Give every entry again, word for word.
==== Supplied information ====
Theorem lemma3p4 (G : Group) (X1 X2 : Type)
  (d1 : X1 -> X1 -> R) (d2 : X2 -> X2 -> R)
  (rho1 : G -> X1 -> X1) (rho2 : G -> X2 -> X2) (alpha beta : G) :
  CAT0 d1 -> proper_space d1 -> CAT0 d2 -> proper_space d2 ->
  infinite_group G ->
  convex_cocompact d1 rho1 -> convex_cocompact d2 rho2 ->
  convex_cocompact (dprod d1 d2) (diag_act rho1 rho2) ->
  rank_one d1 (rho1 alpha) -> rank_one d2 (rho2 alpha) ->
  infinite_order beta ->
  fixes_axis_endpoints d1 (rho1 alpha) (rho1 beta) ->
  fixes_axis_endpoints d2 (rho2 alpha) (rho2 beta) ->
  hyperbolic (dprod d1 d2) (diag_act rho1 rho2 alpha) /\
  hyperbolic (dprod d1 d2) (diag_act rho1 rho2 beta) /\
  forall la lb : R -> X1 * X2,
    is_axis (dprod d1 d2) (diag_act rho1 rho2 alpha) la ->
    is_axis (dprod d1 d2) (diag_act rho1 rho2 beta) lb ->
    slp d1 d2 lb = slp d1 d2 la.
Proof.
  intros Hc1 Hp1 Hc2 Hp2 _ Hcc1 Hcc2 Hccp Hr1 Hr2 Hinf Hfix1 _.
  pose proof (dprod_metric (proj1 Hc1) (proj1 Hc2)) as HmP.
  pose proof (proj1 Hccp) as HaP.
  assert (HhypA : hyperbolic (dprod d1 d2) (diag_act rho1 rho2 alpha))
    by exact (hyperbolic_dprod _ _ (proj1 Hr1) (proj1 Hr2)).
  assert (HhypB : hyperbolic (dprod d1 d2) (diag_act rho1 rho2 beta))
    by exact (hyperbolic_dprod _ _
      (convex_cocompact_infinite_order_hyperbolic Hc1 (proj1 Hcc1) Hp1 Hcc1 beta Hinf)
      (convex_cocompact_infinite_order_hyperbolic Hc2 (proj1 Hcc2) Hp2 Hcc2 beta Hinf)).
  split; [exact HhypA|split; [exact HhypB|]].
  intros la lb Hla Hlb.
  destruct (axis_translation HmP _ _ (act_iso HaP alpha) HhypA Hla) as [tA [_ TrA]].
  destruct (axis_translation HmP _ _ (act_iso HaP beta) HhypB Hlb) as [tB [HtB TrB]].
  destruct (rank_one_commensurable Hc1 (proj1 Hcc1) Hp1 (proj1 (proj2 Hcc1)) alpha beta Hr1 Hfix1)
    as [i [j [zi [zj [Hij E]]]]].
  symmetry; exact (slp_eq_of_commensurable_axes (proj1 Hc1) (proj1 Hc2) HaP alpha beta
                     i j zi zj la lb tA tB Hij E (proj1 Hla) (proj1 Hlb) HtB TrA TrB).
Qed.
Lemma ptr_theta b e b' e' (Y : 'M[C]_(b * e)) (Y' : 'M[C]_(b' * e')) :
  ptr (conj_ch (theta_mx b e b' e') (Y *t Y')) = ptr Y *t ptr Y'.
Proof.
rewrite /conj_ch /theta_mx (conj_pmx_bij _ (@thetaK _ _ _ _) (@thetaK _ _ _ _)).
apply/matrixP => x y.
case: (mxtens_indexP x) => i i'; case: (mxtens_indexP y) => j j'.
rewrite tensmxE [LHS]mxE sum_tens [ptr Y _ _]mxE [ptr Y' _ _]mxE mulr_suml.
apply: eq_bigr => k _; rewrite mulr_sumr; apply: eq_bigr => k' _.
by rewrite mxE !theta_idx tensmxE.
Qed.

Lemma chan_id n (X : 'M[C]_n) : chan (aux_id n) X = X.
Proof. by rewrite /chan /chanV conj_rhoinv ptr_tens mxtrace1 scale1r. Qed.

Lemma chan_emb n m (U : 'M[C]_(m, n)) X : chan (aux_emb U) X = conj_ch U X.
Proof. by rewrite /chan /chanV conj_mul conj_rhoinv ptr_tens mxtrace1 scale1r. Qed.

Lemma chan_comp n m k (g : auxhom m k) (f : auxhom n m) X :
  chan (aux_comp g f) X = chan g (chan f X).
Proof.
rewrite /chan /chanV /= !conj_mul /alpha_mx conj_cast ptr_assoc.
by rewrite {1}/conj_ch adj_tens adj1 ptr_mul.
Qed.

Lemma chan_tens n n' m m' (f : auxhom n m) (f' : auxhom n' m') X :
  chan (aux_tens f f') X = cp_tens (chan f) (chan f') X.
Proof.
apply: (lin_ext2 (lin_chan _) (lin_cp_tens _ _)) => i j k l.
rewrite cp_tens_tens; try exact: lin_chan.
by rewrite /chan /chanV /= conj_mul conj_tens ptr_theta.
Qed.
====
**Solution to this exercise:**
Theorem lemma3p4 (G : Group) (X1 X2 : Type)
  (d1 : X1 -> X1 -> R) (d2 : X2 -> X2 -> R)
  (rho1 : G -> X1 -> X1) (rho2 : G -> X2 -> X2) (alpha beta : G) :
  CAT0 d1 -> proper_space d1 -> CAT0 d2 -> proper_space d2 ->
  infinite_group G ->
  convex_cocompact d1 rho1 -> convex_cocompact d2 rho2 ->
  convex_cocompact (dprod d1 d2) (diag_act rho1 rho2) ->
  rank_one d1 (rho1 alpha) -> rank_one d2 (rho2 alpha) ->
  infinite_order beta ->
  fixes_axis_endpoints d1 (rho1 alpha) (rho1 beta) ->
  fixes_axis_endpoints d2 (rho2 alpha) (rho2 beta) ->
  hyperbolic (dprod d1 d2) (diag_act rho1 rho2 alpha) /\
  hyperbolic (dprod d1 d2) (diag_act rho1 rho2 beta) /\
  forall la lb : R -> X1 * X2,
    is_axis (dprod d1 d2) (diag_act rho1 rho2 alpha) la ->
    is_axis (dprod d1 d2) (diag_act rho1 rho2 beta) lb ->
    slp d1 d2 lb = slp d1 d2 la.
Proof.
  intros Hc1 Hp1 Hc2 Hp2 _ Hcc1 Hcc2 Hccp Hr1 Hr2 Hinf Hfix1 _.
  pose proof (dprod_metric (proj1 Hc1) (proj1 Hc2)) as HmP.
  pose proof (proj1 Hccp) as HaP.
  assert (HhypA : hyperbolic (dprod d1 d2) (diag_act rho1 rho2 alpha))
    by exact (hyperbolic_dprod _ _ (proj1 Hr1) (proj1 Hr2)).
  assert (HhypB : hyperbolic (dprod d1 d2) (diag_act rho1 rho2 beta))
    by exact (hyperbolic_dprod _ _
      (convex_cocompact_infinite_order_hyperbolic Hc1 (proj1 Hcc1) Hp1 Hcc1 beta Hinf)
      (convex_cocompact_infinite_order_hyperbolic Hc2 (proj1 Hcc2) Hp2 Hcc2 beta Hinf)).
  split; [exact HhypA|split; [exact HhypB|]].
  intros la lb Hla Hlb.
  destruct (axis_translation HmP _ _ (act_iso HaP alpha) HhypA Hla) as [tA [_ TrA]].
  destruct (axis_translation HmP _ _ (act_iso HaP beta) HhypB Hlb) as [tB [HtB TrB]].
  destruct (rank_one_commensurable Hc1 (proj1 Hcc1) Hp1 (proj1 (proj2 Hcc1)) alpha beta Hr1 Hfix1)
    as [i [j [zi [zj [Hij E]]]]].
  symmetry; exact (slp_eq_of_commensurable_axes (proj1 Hc1) (proj1 Hc2) HaP alpha beta
                     i j zi zj la lb tA tB Hij E (proj1 Hla) (proj1 Hlb) HtB TrA TrB).
Qed.
Lemma ptr_theta b e b' e' (Y : 'M[C]_(b * e)) (Y' : 'M[C]_(b' * e')) :
  ptr (conj_ch (theta_mx b e b' e') (Y *t Y')) = ptr Y *t ptr Y'.
Proof.
rewrite /conj_ch /theta_mx (conj_pmx_bij _ (@thetaK _ _ _ _) (@thetaK _ _ _ _)).
apply/matrixP => x y.
case: (mxtens_indexP x) => i i'; case: (mxtens_indexP y) => j j'.
rewrite tensmxE [LHS]mxE sum_tens [ptr Y _ _]mxE [ptr Y' _ _]mxE mulr_suml.
apply: eq_bigr => k _; rewrite mulr_sumr; apply: eq_bigr => k' _.
by rewrite mxE !theta_idx tensmxE.
Qed.

Lemma chan_id n (X : 'M[C]_n) : chan (aux_id n) X = X.
Proof. by rewrite /chan /chanV conj_rhoinv ptr_tens mxtrace1 scale1r. Qed.

Lemma chan_emb n m (U : 'M[C]_(m, n)) X : chan (aux_emb U) X = conj_ch U X.
Proof. by rewrite /chan /chanV conj_mul conj_rhoinv ptr_tens mxtrace1 scale1r. Qed.

Lemma chan_comp n m k (g : auxhom m k) (f : auxhom n m) X :
  chan (aux_comp g f) X = chan g (chan f X).
Proof.
rewrite /chan /chanV /= !conj_mul /alpha_mx conj_cast ptr_assoc.
by rewrite {1}/conj_ch adj_tens adj1 ptr_mul.
Qed.

Lemma chan_tens n n' m m' (f : auxhom n m) (f' : auxhom n' m') X :
  chan (aux_tens f f') X = cp_tens (chan f) (chan f') X.
Proof.
apply: (lin_ext2 (lin_chan _) (lin_cp_tens _ _)) => i j k l.
rewrite cp_tens_tens; try exact: lin_chan.
by rewrite /chan /chanV /= conj_mul conj_tens ptr_theta.
Qed.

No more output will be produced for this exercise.